═══ Given records

(* Let $A=k[x_1][x_2;\alpha_2,\delta_2]_p\cdots[x_n;\alpha_n,\delta_n]_p$ be an iterated Poisson polynomial algebra over a field $k$ of characteristic zero, supporting a rational Poisson action of a torus $H=(k^\times)^r$ such that $x_1,\dots,x_n$ are $H$-eigenvectors. Assume there exist $\eta_1,\dots,\eta_n\in\mathfrak h=\operatorname{Lie}H$ such that $\eta_i.x_j=\alpha_i(x_j)$ for $i>j$ and the $\eta_i$-eigenvalue $s_i$ of $x_i$ is nonzero for each $i$. Then $\alpha_i\delta_i=\delta_i(\alpha_i+s_i)$ for all $i$.
   Context: If $B$ is a Poisson algebra, $\alpha$ a Poisson derivation of $B$ and $\delta$ a derivation of $B$ with $\delta(\{a,b\})=\{\delta(a),b\}+\{a,\delta(b)\}+\alpha(a)\delta(b)-\delta(a)\alpha(b)$, then $B[x;\alpha,\delta]_p$ is $B[x]$ with the unique Poisson bracket extending that of $B$ with $\{x,b\}=\alpha(b)x+\delta(b)$; an iterated Poisson polynomial algebra iterates this starting from $k[x_1]$. A rational Poisson action of $H$ is an action by Poisson automorphisms with $A$ the direct sum of $H$-eigenspaces $A_x$, $x\in X(H)\cong\mathbb Z^r$ ($(m_i)\leftrightarrow h\mapsto\prod h_i^{m_i}$). $\mathfrak h=k^r$ acts by $\eta.a=(\eta|x)a$ for $a\in A_x$ (dot product), $(\eta|x)$ being the $\eta$-eigenvalue of $a$. *)

From HB Require Import structures.
From mathcomp Require Import all_boot all_order all_algebra.
From mathcomp Require Import mpoly.
Set Implicit Arguments. Unset Strict Implicit. Unset Printing Implicit Defensive.
Import Order.TTheory GRing.Theory Num.Theory.
Local Open Scope ring_scope.

Section PoissonDefs.
Variables (k : fieldType) (n : nat).
Local Notation P := {mpoly k[n]}.

(* A_i := k[x_1,...,x_i]: polynomials involving only the first i variables
   (0-indexed variables 'X_0 .. 'X_(i-1)). *)
Definition inA (i : nat) (p : P) : bool :=
  all (fun m : 'X_{1..n} => [forall j : 'I_n, (i <= j)%N ==> (m j == 0%N)]) (msupp p).

Definition poisson_bracket (br : P -> P -> P) : Prop :=
  [/\ (forall (c : k) a b d, br (c *: a + b) d = c *: br a d + br b d),
      (forall (c : k) a b d, br d (c *: a + b) = c *: br d a + br d b),
      (forall a b, br a b = - br b a),
      (forall a b c, br a (br b c) + br b (br c a) + br c (br a b) = 0)
    & (forall a b c, br a (b * c) = br a b * c + b * br a c)].

Definition derivation_on (i : nat) (d : P -> P) : Prop :=
  [/\ (forall a, inA i a -> inA i (d a)),
      (forall (c : k) a b, inA i a -> inA i b -> d (c *: a + b) = c *: d a + d b)
    & (forall a b, inA i a -> inA i b -> d (a * b) = d a * b + a * d b)].

Definition poisson_derivation_on (br : P -> P -> P) (i : nat) (d : P -> P) : Prop :=
  derivation_on i d /\
  (forall a b, inA i a -> inA i b -> d (br a b) = br (d a) b + br a (d b)).

Definition twisted_condition (br : P -> P -> P) (i : nat) (al de : P -> P) : Prop :=
  forall a b, inA i a -> inA i b ->
    de (br a b) = br (de a) b + br a (de b) + al a * de b - de a * al b.

(* br makes k[x_1,...,x_n] the iterated Poisson polynomial algebra
   k[x_1][x_2;al_2,de_2]_p ... [x_n;al_n,de_n]_p  (0-indexed: variable 'X_i
   is adjoined to A_i with data al i, de i; for i = 0 the base k[x_1] is
   k[x_1; 0, 0]_p). *)
Definition iterated_ppa (br : P -> P -> P) (al de : 'I_n -> P -> P) : Prop :=
  poisson_bracket br /\
  forall i : 'I_n,
    [/\ (forall a b, inA i a -> inA i b -> inA i (br a b)),
        poisson_derivation_on br i (al i),
        derivation_on i (de i),
        twisted_condition br i (al i) (de i)
      & (forall b, inA i b -> br 'X_i b = al i b * 'X_i + de i b)].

══════

What is required: The response should be an exact copy of all the records above.

Reply:
(* Let $A=k[x_1][x_2;\alpha_2,\delta_2]_p\cdots[x_n;\alpha_n,\delta_n]_p$ be an iterated Poisson polynomial algebra over a field $k$ of characteristic zero, supporting a rational Poisson action of a torus $H=(k^\times)^r$ such that $x_1,\dots,x_n$ are $H$-eigenvectors. Assume there exist $\eta_1,\dots,\eta_n\in\mathfrak h=\operatorname{Lie}H$ such that $\eta_i.x_j=\alpha_i(x_j)$ for $i>j$ and the $\eta_i$-eigenvalue $s_i$ of $x_i$ is nonzero for each $i$. Then $\alpha_i\delta_i=\delta_i(\alpha_i+s_i)$ for all $i$.
   Context: If $B$ is a Poisson algebra, $\alpha$ a Poisson derivation of $B$ and $\delta$ a derivation of $B$ with $\delta(\{a,b\})=\{\delta(a),b\}+\{a,\delta(b)\}+\alpha(a)\delta(b)-\delta(a)\alpha(b)$, then $B[x;\alpha,\delta]_p$ is $B[x]$ with the unique Poisson bracket extending that of $B$ with $\{x,b\}=\alpha(b)x+\delta(b)$; an iterated Poisson polynomial algebra iterates this starting from $k[x_1]$. A rational Poisson action of $H$ is an action by Poisson automorphisms with $A$ the direct sum of $H$-eigenspaces $A_x$, $x\in X(H)\cong\mathbb Z^r$ ($(m_i)\leftrightarrow h\mapsto\prod h_i^{m_i}$). $\mathfrak h=k^r$ acts by $\eta.a=(\eta|x)a$ for $a\in A_x$ (dot product), $(\eta|x)$ being the $\eta$-eigenvalue of $a$. *)

From HB Require Import structures.
From mathcomp Require Import all_boot all_order all_algebra.
From mathcomp Require Import mpoly.
Set Implicit Arguments. Unset Strict Implicit. Unset Printing Implicit Defensive.
Import Order.TTheory GRing.Theory Num.Theory.
Local Open Scope ring_scope.

Section PoissonDefs.
Variables (k : fieldType) (n : nat).
Local Notation P := {mpoly k[n]}.

(* A_i := k[x_1,...,x_i]: polynomials involving only the first i variables
   (0-indexed variables 'X_0 .. 'X_(i-1)). *)
Definition inA (i : nat) (p : P) : bool :=
  all (fun m : 'X_{1..n} => [forall j : 'I_n, (i <= j)%N ==> (m j == 0%N)]) (msupp p).

Definition poisson_bracket (br : P -> P -> P) : Prop :=
  [/\ (forall (c : k) a b d, br (c *: a + b) d = c *: br a d + br b d),
      (forall (c : k) a b d, br d (c *: a + b) = c *: br d a + br d b),
      (forall a b, br a b = - br b a),
      (forall a b c, br a (br b c) + br b (br c a) + br c (br a b) = 0)
    & (forall a b c, br a (b * c) = br a b * c + b * br a c)].

Definition derivation_on (i : nat) (d : P -> P) : Prop :=
  [/\ (forall a, inA i a -> inA i (d a)),
      (forall (c : k) a b, inA i a -> inA i b -> d (c *: a + b) = c *: d a + d b)
    & (forall a b, inA i a -> inA i b -> d (a * b) = d a * b + a * d b)].

Definition poisson_derivation_on (br : P -> P -> P) (i : nat) (d : P -> P) : Prop :=
  derivation_on i d /\
  (forall a b, inA i a -> inA i b -> d (br a b) = br (d a) b + br a (d b)).

Definition twisted_condition (br : P -> P -> P) (i : nat) (al de : P -> P) : Prop :=
  forall a b, inA i a -> inA i b ->
    de (br a b) = br (de a) b + br a (de b) + al a * de b - de a * al b.

(* br makes k[x_1,...,x_n] the iterated Poisson polynomial algebra
   k[x_1][x_2;al_2,de_2]_p ... [x_n;al_n,de_n]_p  (0-indexed: variable 'X_i
   is adjoined to A_i with data al i, de i; for i = 0 the base k[x_1] is
   k[x_1; 0, 0]_p). *)
Definition iterated_ppa (br : P -> P -> P) (al de : 'I_n -> P -> P) : Prop :=
  poisson_bracket br /\
  forall i : 'I_n,
    [/\ (forall a b, inA i a -> inA i b -> inA i (br a b)),
        poisson_derivation_on br i (al i),
        derivation_on i (de i),
        twisted_condition br i (al i) (de i)
      & (forall b, inA i b -> br 'X_i b = al i b * 'X_i + de i b)].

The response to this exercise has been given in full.